The Town of Huntsville has taken on about $4 million in extra debt to ready itself for the summit, without having a clear idea how many people to expect. The debt forced the town council to cancel its plan for an “H8” to celebrate all the Huntsvilles in North America.

Ottawa has just closed bidding for a $6-million galvanized metal fence that will stretch about 15 kilometres around the summit site in Huntsville.

And a $50-million stimulus fund to beautify the area around the summit has already been fully committed to the Muskoka region.

Local mayors believe the money is well spent even if it’s only the G8 who show up, and not the G20.

The North Bay airport was in desperate need of repair, and the municipal government did not have the funding to pay for it, said North Bay mayor Victor Fedeli.

“We saw getting our runway paved as priority No. 1,” he said in an interview.

But while the plan to prepare the region for the G8 summit on June 25, 26 and 27 is well advanced, the plan for the parallel G20 summit is only in its infancy.

It has no firm date, no firm location and no list of who else, beyond the G20 members, will be invited.

Regardless, the G20 summit site will have to house thousands of support staff, diplomats, police and security officers. The media, also likely to number in the thousands, is expected to work out of the Congress Centre near Toronto’s international airport.

The G20 includes key emerging markets as well as all the rich countries that belong to the G8. It took on added importance during the financial crisis of the last two years, after shaky lending practices in rich countries undermined economic stability around the world.

Leaders decided in Pittsburgh in September that the larger group should become the main global decision-making body for economic issues.

But Canada was the next host of the G8, and feared its influence would be diluted by the larger group. It insisted on hosting both conferences in 2010, even though South Korea was the top candidate for the first official G20 summit.

A compromise was reached, and the first formal G20 summit will be held in Canada, and co-hosted by South Korea. South Korea will hold a followup summit in November.

But Ottawa wants to make sure the summits remain distinct, partly so that G8 can remain a vibrant force of its own.

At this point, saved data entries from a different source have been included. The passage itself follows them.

(* Let $\Delta$ be a positive integer and suppose there exists a constant $0<c_{\Delta}<1$ such that $\mathrm{es}_{\Delta}(H)\leq c_{\Delta}|V(H)|$ holds for every $\Delta$-regular finite simple graph $H$. Then $\mathrm{es}_{\Delta}(G)\leq c_{\Delta}|V(G)|$ holds for every finite simple graph $G$ with $\Delta(G)=\Delta$.
   Context: For a graph $G$ with at least one edge, $\mathrm{es}_{\Delta}(G)$ denotes the $\Delta$-edge stability number: the minimum number of edges of $G$ whose removal results in a subgraph with maximum degree $\Delta(G)-1$. *)

(* A finite simple graph is a symmetric irreflexive
   relation e : rel T on a finite type T (vertex set = T). *)
From mathcomp Require Import all_boot all_order all_algebra.
Set Implicit Arguments. Unset Strict Implicit. Unset Printing Implicit Defensive.

Section Graphs.
Variable T : finType.

Definition deg (e : rel T) (x : T) : nat := #|[set y | e x y]|.

(* maximum degree Delta(G) (0 for the empty vertex set) *)
Definition maxdeg (e : rel T) : nat := \max_(x : T) deg e x.

Definition edges (e : rel T) : {set {set T}} :=
  [set [set x; y] | x in T, y in T & e x y].

Definition rm_edges (e : rel T) (F : {set {set T}}) : rel T :=
  [rel x y | e x y && ([set x; y] \notin F)].

(* es_Delta(G): the minimum number of edges of G whose removal yields a
   subgraph with maximum degree Delta(G) - 1.  (The min is over a nonempty
   family whenever G has an edge; the default #|edges e| is never used then.) *)
Definition es_Delta (e : rel T) : nat :=
  \big[minn/#|edges e|]_(F : {set {set T}} |
        (F \subset edges e) && (maxdeg (rm_edges e F) == (maxdeg e).-1)) #|F|.
End Graphs.

(* Given G with maximum degree D, take 2D disjoint copies of G, split into two
   halves of D copies, and for every vertex v join its D copies in one half to
   its D copies in the other half by a bipartite circulant graph of degree
   D - deg v.  The result H is D-regular with 2D|V(G)| vertices.  If deleting F
   lowers the maximum degree of H, then on every copy the edges of F that lie
   in that copy lower the maximum degree of G; these traces are disjoint, so
   one of them has at most |F|/(2D) edges.  Hence
   2D es(G) <= es(H) <= c |V(H)| = 2D c |V(G)|. *)

From mathcomp Require Import all_boot all_order all_algebra.
Set Implicit Arguments. Unset Strict Implicit. Unset Printing Implicit Defensive.
Import Order.TTheory GRing.Theory Num.Theory.

Section EdgeStability.
Variable T : finType.
Implicit Types (e : rel T) (F : {set {set T}}).

Lemma deg_le_maxdeg e x : deg e x <= maxdeg e.
Proof. exact: leq_bigmax. Qed.

Lemma maxdeg_leP e m : reflect (forall x, deg e x <= m) (maxdeg e <= m).
Proof. by apply: (iffP (bigmax_leqP _ _ _)) => le_m x => [|_]; apply: le_m. Qed.

Lemma maxdeg_regular e D (x0 : T) : (forall x, deg e x = D) -> maxdeg e = D.
Proof.
move=> reg; apply/eqP; rewrite eqn_leq -{2}(reg x0) deg_le_maxdeg andbT.
by apply/maxdeg_leP => x; rewrite reg.
Qed.

Lemma rm_edgesE e F x y : rm_edges e F x y = e x y && ([set x; y] \notin F).
Proof. by []. Qed.

Lemma edge_in_edges e x y : e x y -> [set x; y] \in edges e.
Proof. by move=> exy; apply/imset2P; exists x y; rewrite ?inE. Qed.

Lemma maxdeg_rm_edges0 e : maxdeg (rm_edges e set0) = maxdeg e.
Proof.
by apply: eq_bigr => x _; apply: eq_card => y; rewrite !inE rm_edgesE inE andbT.
Qed.

Lemma maxdeg_rm_edges_edges e : maxdeg (rm_edges e (edges e)) = 0.
Proof.
apply/eqP; rewrite -leqn0; apply/maxdeg_leP => x; rewrite leqn0 cards_eq0.
apply/eqP/setP => y; rewrite !inE rm_edgesE.
by case: (boolP (e x y)) => //= /edge_in_edges ->.
Qed.

Lemma deg_rm_edges_setD1 e F s x :
  deg (rm_edges e (F :\ s)) x <= (deg (rm_edges e F) x).+1.
Proof.
have sub_nbhd : [set y | rm_edges e (F :\ s) x y]
    \subset [set y | rm_edges e F x y] :|: [set y | [set x; y] == s].
  apply/subsetP => y; rewrite !inE !rm_edgesE !inE negb_and negbK.
  by case/andP=> -> /orP[/eqP ->|->]; rewrite ?eqxx ?orbT.
have le1 : #|[set y | [set x; y] == s]| <= 1.
  apply/card_le1_eqP => y z; rewrite !inE => /eqP xy_s /eqP xz_s.
  have : z \in [set x; y] by rewrite xy_s -xz_s !inE eqxx orbT.
  rewrite !inE => /orP[/eqP zx|/eqP //].
  have : y \in [set x; z] by rewrite xz_s -xy_s !inE eqxx orbT.
  by rewrite zx !inE orbb => /eqP.
rewrite /deg -addn1; apply: leq_trans (subset_leq_card sub_nbhd) _.
by apply: leq_trans (leq_card_setU _ _) _; rewrite leq_add2l.
Qed.

Lemma maxdeg_rm_edges_setD1 e F s :
  maxdeg (rm_edges e (F :\ s)) <= (maxdeg (rm_edges e F)).+1.
Proof.
apply/maxdeg_leP => x; apply: leq_trans (deg_rm_edges_setD1 e F s x) _.
by rewrite ltnS deg_le_maxdeg.
Qed.

Lemma exists_sub_rm_edges_maxdeg_pred e F : 0 < maxdeg e ->
    maxdeg (rm_edges e F) <= (maxdeg e).-1 ->
  exists2 F' : {set {set T}}, F' \subset F & maxdeg (rm_edges e F') = (maxdeg e).-1.
Proof.
move=> maxdeg_gt0 le_F.
(* A minimal such subset works: putting one edge back raises degrees by at most one. *)
pose lowers F := maxdeg (rm_edges e F) <= (maxdeg e).-1.
have [F' /minsetP[le_F' min_F'] sub_F'] := @minset_exists _ lowers F le_F.
exists F' => //; apply/anti_leq/andP; split; first exact: le_F'.
rewrite leqNgt; apply/negP => lt_F'.
have /set0Pn[s s_F'] : F' != set0.
  by apply: contraTneq lt_F' => ->; rewrite maxdeg_rm_edges0 -leqNgt leq_pred.
have le_F's : lowers (F' :\ s) by apply: leq_trans (maxdeg_rm_edges_setD1 _ _ _) _.
by have /setP/(_ s) := min_F' _ le_F's (subsetDl _ _); rewrite !inE eqxx s_F'.
Qed.

Lemma es_Delta_le e F : 0 < maxdeg e -> F \subset edges e ->
  maxdeg (rm_edges e F) <= (maxdeg e).-1 -> es_Delta e <= #|F|.
Proof.
move=> maxdeg_gt0 sub_F le_F.
have [F' sub_F' eq_F'] := exists_sub_rm_edges_maxdeg_pred maxdeg_gt0 le_F.
apply: leq_trans (subset_leq_card sub_F'); rewrite /es_Delta -minEnat -leEnat.
by apply: bigmin_le_cond; rewrite (subset_trans sub_F') // eq_F' eqxx.
Qed.

Lemma es_Delta_attained e : 0 < maxdeg e ->
  exists2 F : {set {set T}}, maxdeg (rm_edges e F) = (maxdeg e).-1 & #|F| = es_Delta e.
Proof.
move=> maxdeg_gt0.
have [F0 sub_F0 eq_F0] : exists2 F0 : {set {set T}}, F0 \subset edges e &
    maxdeg (rm_edges e F0) = (maxdeg e).-1.
  by apply: exists_sub_rm_edges_maxdeg_pred; rewrite ?maxdeg_rm_edges_edges.
pose valid F := (F \subset edges e) && (maxdeg (rm_edges e F) == (maxdeg e).-1).
have valid_F0 : valid F0 by rewrite /valid sub_F0 eq_F0 eqxx.
have le_edges F : valid F -> #|F| <= #|edges e|.
  by case/andP=> sub_F _; apply: subset_leq_card.
rewrite /es_Delta -minEnat.
have [F /andP[_ /eqP eq_F] ->] := eq_bigmin F0 valid (fun F => #|F|) valid_F0 le_edges.
by exists F.
Qed.

End EdgeStability.

Lemma exists_mul_card_le_sum (I : finType) (i0 : I) (a : I -> nat) :
  exists i, a i * #|I| <= \sum_j a j.
Proof.
have [i _ min_i] := arg_minnP a (isT : predT i0).
exists i; rewrite mulnC -sum_nat_const.
by apply: leq_sum => j _; apply: min_i.
Qed.

Section Copies.
Variables (T P : finType) (e : rel T) (h : rel (T * P)).
Hypothesis copy_edge : forall p u w, e u w -> h (u, p) (w, p).

Definition copy_trace (F : {set {set T * P}}) (p : P) : {set {set T}} :=
  [set s in edges e | (pair^~ p) @: s \in F].

Lemma pair_inj (p : P) : injective (pair^~ p : T -> T * P).
Proof. by move=> u w []. Qed.

Lemma copy_trace_sub F p : copy_trace F p \subset edges e.
Proof. by apply/subsetP => s; rewrite inE => /andP[]. Qed.

Lemma maxdeg_rm_copy_trace F p :
  maxdeg (rm_edges e (copy_trace F p)) <= maxdeg (rm_edges h F).
Proof.
apply/maxdeg_leP => u; apply: leq_trans (deg_le_maxdeg _ (u, p)).
rewrite /deg -(card_imset _ (@pair_inj p)).
apply/subset_leq_card/subsetP => _ /imsetP[w + ->]; rewrite !inE !rm_edgesE.
case/andP=> euw uw_F; rewrite copy_edge //=.
by move: uw_F; rewrite inE edge_in_edges //= imsetU1 imset_set1.
Qed.

Lemma sum_card_copy_trace F : \sum_p #|copy_trace F p| <= #|F|.
Proof.
pose S := [set ps : P * {set T} | ps.2 \in copy_trace F ps.1].
pose lift (ps : P * {set T}) := (pair^~ ps.1) @: ps.2.
have card_S : #|S| = \sum_p #|copy_trace F p|.
  rewrite -sum1_card (eq_bigr (fun p => \sum_(s in copy_trace F p) 1)).
    by rewrite pair_big_dep; apply: eq_bigl => -[p s]; rewrite inE.
  by move=> p _; rewrite sum1_card.
have lift_inj : {in S &, injective lift}.
  move=> [p s] [q t]; rewrite !inE /= => /andP[/imset2P[a b _ _ ->] _] _ eq_lift.
  have /imsetP[_ _ [_ eq_pq]] : (a, p) \in lift (q, t).
    by rewrite -eq_lift; apply/imsetP; exists a; rewrite ?inE ?eqxx.
  by move: eq_lift; rewrite eq_pq => /(imset_inj (@pair_inj q)) /= ->.
rewrite -card_S -(card_in_imset lift_inj); apply/subset_leq_card/subsetP.
by move=> _ /imsetP[[p s] + ->]; rewrite !inE => /andP[].
Qed.

Lemma es_Delta_mul_card_le : 0 < maxdeg e -> maxdeg h = maxdeg e ->
  es_Delta e * #|P| <= es_Delta h.
Proof.
move=> maxdeg_gt0 eq_maxdeg.
have [->|/card_gt0P[p0 _]] := posnP #|P|; first by rewrite muln0.
have [F rm_F <-] : exists2 F, maxdeg (rm_edges h F) = (maxdeg h).-1 & #|F| = es_Delta h.
  by apply: es_Delta_attained; rewrite eq_maxdeg.
have [p le_avg] := exists_mul_card_le_sum p0 (fun p => #|copy_trace F p|).
apply: leq_trans (leq_trans le_avg (sum_card_copy_trace F)).
rewrite leq_mul2r es_Delta_le ?orbT ?copy_trace_sub //.
by rewrite -eq_maxdeg -rm_F maxdeg_rm_copy_trace.
Qed.

End Copies.

Lemma card_ord_lt (D k : nat) : k <= D -> #|[set r : 'I_D | r < k]| = k.
Proof.
move=> le_kD; have widen_inj : injective (widen_ord le_kD).
  by move=> j1 j2 /(congr1 val) /= /val_inj.
rewrite -[RHS]card_ord -(card_imset _ widen_inj).
apply: eq_card => r; rewrite inE; apply/idP/imsetP => [r_lt_k|[j _ ->]].
  by exists (Ordinal r_lt_k) => //; apply: val_inj.
exact: (ltn_ord j).
Qed.

Lemma card_ord_addn_mod_lt (D k : nat) (i : 'I_D) : k <= D ->
  #|[set j : 'I_D | (i + j) %% D < k]| = k.
Proof.
move=> le_kD; have D_gt0 : 0 < D by apply: leq_ltn_trans (ltn_ord i).
pose shift (j : 'I_D) : 'I_D := Ordinal (ltn_pmod (i + j) D_gt0).
have shift_inj : injective shift.
  move=> j1 j2 /(congr1 val) /eqP /=; rewrite eqn_modDl !modn_small // => /eqP.
  exact: val_inj.
rewrite -[RHS](card_ord_lt le_kD) -[RHS](card_preimset _ shift_inj).
by apply: eq_card => j; rewrite !inE.
Qed.

Section Regularization.
Variables (T : finType) (e : rel T) (D : nat).

(* The copies of v are the (v, (b, i)); besides the edges inside each copy
   (b, i) of e, the copies of v with b = true are joined to those with
   b = false by a circulant bipartite graph of degree D - deg e v. *)
Definition regularize : rel (T * (bool * 'I_D)) :=
  fun x y => ((x.2 == y.2) && e x.1 y.1) ||
    [&& x.1 == y.1, x.2.1 != y.2.1 & (x.2.2 + y.2.2) %% D < D - deg e x.1].

Lemma regularize_sym : symmetric e -> symmetric regularize.
Proof.
move=> e_sym [u [b i]] [v [c j]]; rewrite /regularize /= e_sym [(b, i) == _]eq_sym.
by rewrite [v == u]eq_sym [c == b]eq_sym addnC; case: (u =P v) => // ->.
Qed.

Lemma regularize_irr : irreflexive e -> irreflexive regularize.
Proof. by move=> e_irr [u [b i]]; rewrite /regularize /= e_irr !eqxx. Qed.

Lemma regularize_copy p u w : e u w -> regularize (u, p) (w, p).
Proof. by rewrite /regularize /= eqxx => ->. Qed.

Lemma deg_regularize : (forall v, deg e v <= D) -> forall x, deg regularize x = D.
Proof.
move=> deg_le [v [b i]]; rewrite /deg.
pose A := setX [set u | e v u] [set (b, i)].
pose B := setX [set v] (setX [set ~~ b] [set j : 'I_D | (i + j) %% D < D - deg e v]).
have -> : [set y | regularize (v, (b, i)) y] = A :|: B.
  apply/setP => -[u [c j]]; rewrite !inE /regularize /=.
  by rewrite andbC [(c, j) == _]eq_sym [u == v]eq_sym; case: (b); case: (c).
have disj_AB : A :&: B = set0.
  apply/setP => -[u [c j]]; rewrite !inE /= xpair_eqE.
  by case: (b); case: (c); rewrite ?andbF.
rewrite cardsU disj_AB cards0 subn0 !cardsX !cards1 card_ord_addn_mod_lt ?leq_subr //.
by rewrite muln1 !mul1n (subnKC (deg_le v)).
Qed.
End Regularization.
Arguments regularize {T} e D.

Local Open Scope ring_scope.

Theorem theorem3p2 (R : realFieldType) (D : nat) (c : R) :
  (0 < D)%N -> 0 < c -> c < 1 ->
  (forall (T : finType) (e : rel T), symmetric e -> irreflexive e ->
     (forall x : T, deg e x = D) ->
     (es_Delta e)%:R <= c * #|T|%:R) ->
  forall (T : finType) (e : rel T), symmetric e -> irreflexive e ->
    maxdeg e = D ->
    (es_Delta e)%:R <= c * #|T|%:R.
Proof.
move=> D_gt0 _ _ es_regular T e e_sym e_irr maxdeg_e.
have deg_le v : (deg e v <= D)%N by rewrite -maxdeg_e deg_le_maxdeg.
have [v0 _] : exists v0 : T, true.
  case: (pickP (@predT T)) => [v0 _|T0]; first by exists v0.
  by move: D_gt0; rewrite -maxdeg_e /maxdeg big_pred0.
have regular_H := deg_regularize deg_le.
have maxdeg_H := maxdeg_regular (v0, (true, Ordinal D_gt0)) regular_H.
have le_es : (es_Delta e * #|{: bool * 'I_D}| <= es_Delta (regularize e D))%N.
  by apply: es_Delta_mul_card_le; rewrite ?maxdeg_e //; apply: regularize_copy.
have le_es_H := es_regular _ _ (regularize_sym e_sym) (regularize_irr e_irr) regular_H.
have copies_gt0 : 0 < #|{: bool * 'I_D}|%:R :> R.
  by rewrite ltr0n card_prod card_bool card_ord muln_gt0.
rewrite -(ler_pM2r copies_gt0) -natrM -mulrA -natrM -card_prod.
by apply: le_trans le_es_H; rewrite ler_nat.
Qed.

Holding the G20 summit far away from the G8 will boost its cause.

Hosting the G20 summit in downtown Toronto would also boost Finance Minister Jim Flaherty’s pitch to show off the city as a global financial centre that avoided the worst of the global crisis because of its strong banking practices.

“Toronto is so perfect for the G20 story,” said John Kirton, who heads the G20 Research Group at the University of Toronto.

While the summits are still seven months away, decisions need to made quickly. Canada is hosting all the 2010 meetings leading up to the summits, beginning with finance ministers meeting in balmy Iqaluit in February.